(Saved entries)

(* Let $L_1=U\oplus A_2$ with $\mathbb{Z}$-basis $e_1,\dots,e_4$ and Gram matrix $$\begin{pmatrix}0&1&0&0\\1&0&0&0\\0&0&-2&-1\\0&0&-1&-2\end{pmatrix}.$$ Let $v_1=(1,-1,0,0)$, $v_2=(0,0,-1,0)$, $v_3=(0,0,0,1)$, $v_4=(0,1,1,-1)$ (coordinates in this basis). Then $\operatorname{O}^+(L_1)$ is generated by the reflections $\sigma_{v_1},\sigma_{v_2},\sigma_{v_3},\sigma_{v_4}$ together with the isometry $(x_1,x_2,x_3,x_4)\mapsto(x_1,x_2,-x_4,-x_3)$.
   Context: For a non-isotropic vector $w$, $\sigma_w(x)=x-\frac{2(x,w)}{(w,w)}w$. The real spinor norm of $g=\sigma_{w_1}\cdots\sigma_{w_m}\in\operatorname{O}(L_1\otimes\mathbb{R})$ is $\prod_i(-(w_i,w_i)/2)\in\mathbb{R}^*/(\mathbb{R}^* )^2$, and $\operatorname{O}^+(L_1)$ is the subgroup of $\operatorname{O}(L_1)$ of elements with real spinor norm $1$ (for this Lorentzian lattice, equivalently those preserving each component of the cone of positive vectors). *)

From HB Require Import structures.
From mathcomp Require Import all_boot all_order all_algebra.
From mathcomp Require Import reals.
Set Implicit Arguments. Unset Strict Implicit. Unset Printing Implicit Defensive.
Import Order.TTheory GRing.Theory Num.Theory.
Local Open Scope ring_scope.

◆ EXERCISE REQUIREMENTS
All lines of the data above must be repeated exactly.

◆ RESULT OF THIS TASK
(* Let $L_1=U\oplus A_2$ with $\mathbb{Z}$-basis $e_1,\dots,e_4$ and Gram matrix $$\begin{pmatrix}0&1&0&0\\1&0&0&0\\0&0&-2&-1\\0&0&-1&-2\end{pmatrix}.$$ Let $v_1=(1,-1,0,0)$, $v_2=(0,0,-1,0)$, $v_3=(0,0,0,1)$, $v_4=(0,1,1,-1)$ (coordinates in this basis). Then $\operatorname{O}^+(L_1)$ is generated by the reflections $\sigma_{v_1},\sigma_{v_2},\sigma_{v_3},\sigma_{v_4}$ together with the isometry $(x_1,x_2,x_3,x_4)\mapsto(x_1,x_2,-x_4,-x_3)$.
   Context: For a non-isotropic vector $w$, $\sigma_w(x)=x-\frac{2(x,w)}{(w,w)}w$. The real spinor norm of $g=\sigma_{w_1}\cdots\sigma_{w_m}\in\operatorname{O}(L_1\otimes\mathbb{R})$ is $\prod_i(-(w_i,w_i)/2)\in\mathbb{R}^*/(\mathbb{R}^* )^2$, and $\operatorname{O}^+(L_1)$ is the subgroup of $\operatorname{O}(L_1)$ of elements with real spinor norm $1$ (for this Lorentzian lattice, equivalently those preserving each component of the cone of positive vectors). *)

From HB Require Import structures.
From mathcomp Require Import all_boot all_order all_algebra.
From mathcomp Require Import reals.
Set Implicit Arguments. Unset Strict Implicit. Unset Printing Implicit Defensive.
Import Order.TTheory GRing.Theory Num.Theory.
Local Open Scope ring_scope.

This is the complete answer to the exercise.